Al reunites with Cristalina Nieto (Vilma Santos), a former childhood friend who's now working for the government agency POPCOM (Commission on Population and Development) running a family planning center in town, though only on a temporary basis. She invites him to her home for dinner so he can meet her widowed mother, Gloria (Delia Razon), and local priest and family friend Father Ocampo (Jaime Fabregas). While Ocampo is incredibly progressive and open-minded for a priest, her mother is old-fashioned and superstitious, talks to her dead sister and doesn't quite understand the younger generation's approach to relationships and sex, nor is she fully behind her daughter's line of work. She also doesn't try to hide the fact she'd prefer Cristy hook up with army lieutenant Jaime Alvarez (Juan Rodrigo) instead of spending time with Al.
Cristy is so popular she even has a third admirer who has yet to make themselves known. Unfortunately, that one's a pervert who likes making obscene phones in a dead end subplot that feels completely superfluous. While she has her options, Cristy is extremely independent and goal driven, not in any hurry to settle down and likes her job because it gives her the ability to travel. Winning over her affections and getting her to stay put won't be easy, but Al is determined and manages to get his foot in the door pretty quickly.
Though Cristy makes a living educating people about safe sex and birth control, she ends up getting caught up in the heat of passion and has unprotected sex with Al. Even so, she's not entirely set on him as a boyfriend just yet. Instead, she dives headfirst into her work. Deciding to stay in the area for awhile and expand her outreach program to remote areas on the outskirts of town, she enlists the aid of Basilio "Ilyong" Valdemor (Eddie Infante), a former zarzuela (musical comedy) actor turned town drunk after the love of his life was massacred by Japanese soldiers during the WWII occupation, to help spread the message to locals using bawdy comedy sketches. Al is supposed to help them out, but finds himself swept up in something else instead...
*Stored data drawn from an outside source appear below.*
Definition is_cmi : Prop :=
  [/\ forall x y z, mul x (mul y z) = mul (mul x y) z,
      forall x y, mul x y = mul y x,
      forall x, mul x x = x &
      forall x, mul one x = x /\ mul x one = x].

(* x <= y iff xy = y ; join is the product *)
Definition le (x y : T) : bool := mul x y == y.
Definition lt (x y : T) : bool := le x y && (x != y).
Definition cov (x y : T) : bool := lt x y && ~~ [exists z, lt x z && lt z y].

(* s is a saturated chain 0 = one < s_1 < ... < s_n = x of length n = size s *)
Definition sat_chain (x : T) (s : seq T) : bool := path cov one s && (last one s == x).

Definition graded : Prop :=
  forall x s1 s2, sat_chain x s1 -> sat_chain x s2 -> size s1 = size s2.

Definition has_rank (x : T) (n : nat) : Prop := exists2 s, sat_chain x s & size s = n.

Definition is_atom (a : T) : bool := cov one a.

Definition join_seq (s : seq T) : T := foldr mul one s.
Definition join_set (S : {set T}) : T := join_seq (enum S).

Definition atomic : Prop :=
  forall x, exists2 s : seq T, all is_atom s & x = join_seq s.

Definition is_meet (a b m : T) : Prop :=
  [/\ le m a, le m b & forall z, le z a -> le z b -> le z m].

Definition is_lattice : Prop := forall a b, exists m, is_meet a b m.

Definition geometric : Prop :=
  [/\ graded, atomic, is_lattice &
      forall a b m ra rb rj rm, is_meet a b m ->
        has_rank a ra -> has_rank b rb -> has_rank (mul a b) rj -> has_rank m rm ->
        rj + rm <= ra + rb].

Definition independent (S : {set T}) : Prop :=
  forall s, s \in S -> lt (join_set (S :\ s)) (join_set S).
Definition dependent (S : {set T}) : Prop := ~ independent S.
Definition min_dependent (S : {set T}) : Prop :=
  dependent S /\ forall S' : {set T}, S' \proper S -> independent S'.

Definition gen := {a : T | is_atom a}.
Definition eval (w : seq gen) : T := join_seq (map val w).

Definition omit (i : nat) (w : seq gen) : seq gen := take i w ++ drop i.+1 w.

Inductive rels : seq gen -> seq gen -> Prop :=
| rel_idem (a : gen) : rels [:: a; a] [:: a]
| rel_comm (a b : gen) : rels [:: a; b] [:: b; a]
| rel_dep (w : seq gen) (i j : nat) :
    uniq w -> min_dependent [set x in map val w] ->
    i < size w -> j < size w -> rels (omit i w) (omit j w).

Inductive cong (R : seq gen -> seq gen -> Prop) : seq gen -> seq gen -> Prop :=
| cong_base u v : R u v -> cong R u v
| cong_refl u : cong R u u
| cong_sym u v : cong R u v -> cong R v u
| cong_trans u v w : cong R u v -> cong R v w -> cong R u w
| cong_ctx p q u v : cong R u v -> cong R (p ++ u ++ q) (p ++ v ++ q).

(* E is presented by generators A and relations rels: the evaluation morphism
   from the free monoid on A is onto and its kernel is the congruence generated
   by rels *)
Definition presented_by_atoms : Prop :=
  (forall x : T, exists w : seq gen, eval w = x) /\
  (forall u v : seq gen, eval u = eval v <-> cong rels u v).

End CMI.

From Pilot Require Import Defs.
From mathcomp Require Import all_boot.
Set Implicit Arguments. Unset Strict Implicit. Unset Printing Implicit Defensive.

(* Soundness: in a geometric lattice the atoms satisfy the MacLane-Steinitz
   exchange property (from the semimodular rank inequality), hence removing any
   one element of a minimally dependent set of atoms does not change its join,
   which is exactly what the relations say.
   Completeness: modulo idempotence and commutativity a word only matters
   through its set of letters.  If an atom a lies below the value of a word w
   but is not a letter of w, then a lies on a minimally dependent set M inside
   a and the letters of w; the relation attached to M exchanges the letters of
   M other than a, all already in w, for those other than some m <> a, which
   include a.  So every word is congruent to the word of all the atoms below
   its value, and words with equal values are congruent. *)

Section AtomPresentation.
Variables (T : finType) (mul : T -> T -> T) (one : T).
Hypothesis cmi : is_cmi mul one.

Let mulA x y z : mul x (mul y z) = mul (mul x y) z. Proof. by case: cmi. Qed.
Let mulC x y : mul x y = mul y x. Proof. by case: cmi. Qed.
Let mulxx x : mul x x = x. Proof. by case: cmi. Qed.
Let mul1x x : mul one x = x. Proof. by case: cmi => _ _ _ /(_ x)[]. Qed.
Let mulx1 x : mul x one = x. Proof. by case: cmi => _ _ _ /(_ x)[]. Qed.

Local Notation le := (le mul).
Local Notation lt := (lt mul).
Local Notation cov := (cov mul).
Local Notation is_atom := (is_atom mul one).
Local Notation join_seq := (join_seq mul one).
Local Notation join_set := (join_set mul one).
Local Notation independent := (independent mul one).
Local Notation min_dependent := (min_dependent mul one).

Lemma le_refl x : le x x. Proof. by rewrite /Defs.le mulxx. Qed.

Lemma le_anti x y : le x y -> le y x -> x = y.
Proof. by move=> /eqP lexy /eqP leyx; rewrite -lexy -{1}leyx mulC. Qed.

Lemma le_trans x y z : le x y -> le y z -> le x z.
Proof. by move=> /eqP lexy /eqP <-; rewrite /Defs.le mulA lexy. Qed.

Lemma le1x x : le one x. Proof. by rewrite /Defs.le mul1x. Qed.

Lemma le_mulx x y z : le (mul x y) z = le x z && le y z.
Proof.
apply/eqP/andP => [lexyz|[/eqP lexz /eqP leyz]]; last by rewrite -mulA leyz lexz.
split; apply/eqP; rewrite -lexyz mulA.
  by rewrite mulA mulxx.
by rewrite [mul x y]mulC mulA mulxx.
Qed.

Lemma le_mull x y : le x (mul x y). Proof. by rewrite /Defs.le mulA mulxx. Qed.
Lemma le_mulr x y : le y (mul x y). Proof. by rewrite mulC le_mull. Qed.

Lemma ltW x y : lt x y -> le x y. Proof. by case/andP. Qed.

Lemma ltxx x : lt x x = false. Proof. by rewrite /Defs.lt eqxx andbF. Qed.

Lemma lt_trans x y z : lt x y -> lt y z -> lt x z.
Proof.
move=> /andP[lexy nexy] /andP[leyz neyz]; rewrite /Defs.lt (le_trans lexy leyz).
by apply: contraNneq nexy => exz; rewrite exz in lexy *; rewrite (le_anti leyz lexy).
Qed.

Lemma lt_mulr x y : lt x (mul x y) = ~~ le y x.
Proof. by rewrite /Defs.lt le_mull /Defs.le mulC eq_sym. Qed.

Lemma le_join_seq s z : le (join_seq s) z = all (le^~ z) s.
Proof. by elim: s => [|x s IH] /=; rewrite ?le1x // le_mulx IH. Qed.

Lemma join_seq_cat s1 s2 : join_seq (s1 ++ s2) = mul (join_seq s1) (join_seq s2).
Proof. by elim: s1 => [|x s IH] /=; rewrite ?mul1x // IH mulA. Qed.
Returning to his mother's grave, Al runs across a demure, pretty young woman named Auring (Rio Locsin) visiting her parent's gave. Though she's hardly an open book and offers up few insights into her life, he becomes immediately infatuated with her. She claims to live by herself in a nearby house in the woods, which instantly piques his interest because the area is so obviously dangerous. What is a girl like that doing in a place like this all by herself? The two spending several nights together naturally doesn't sit too well with Cristy, who's since decided that she's also in love with him (and is also now carrying his baby), which sends the film into love triangle territory, only with one of the participants obviously being a ghost.
I couldn't quite figure out the what the primary intent of this film was but it's at least thoughtfully-scripted by Ricardo Lee. The narrative frequently contrasts how things currently are vs. how things used to be. It's probably no coincidence that Al's romantic choices are an outgoing, ambitious career woman who has a short haircut, wears pants and has a modern, realistic outlook on sex and dating, and a meek, subservient and traditionally ultra-feminine (long hair and gowns) woman from the past who's content to just stay at home all the time. The film really doesn't side with one option or the other as being the ideal (well, aside from one of the participants technically being dead!), and treats the older characters, who've either adapted to modern times (like the priest) or are trapped in the past (like the mother or Ilyong), in about the same way. No one's necessarily bad or wrong. Everyone's just different.
This also frequently alludes to WWII traumas that still haunt the country forty years later. There's mention of American forces killing 30 children after accidentally bombing a school (which I wouldn't be surprised to learn was something that actually happened), and Japanese forces are the ones responsible for creating the ghost girl in the first place (she was raped and then murdered by Japanese soldiers during the occupation). Remaining remnants from the Spanish colonial period (which ended around the turn of the 20th century) are also heavily focused on, including much use made of a very old (and very cool-looking) Spanish era cemetery.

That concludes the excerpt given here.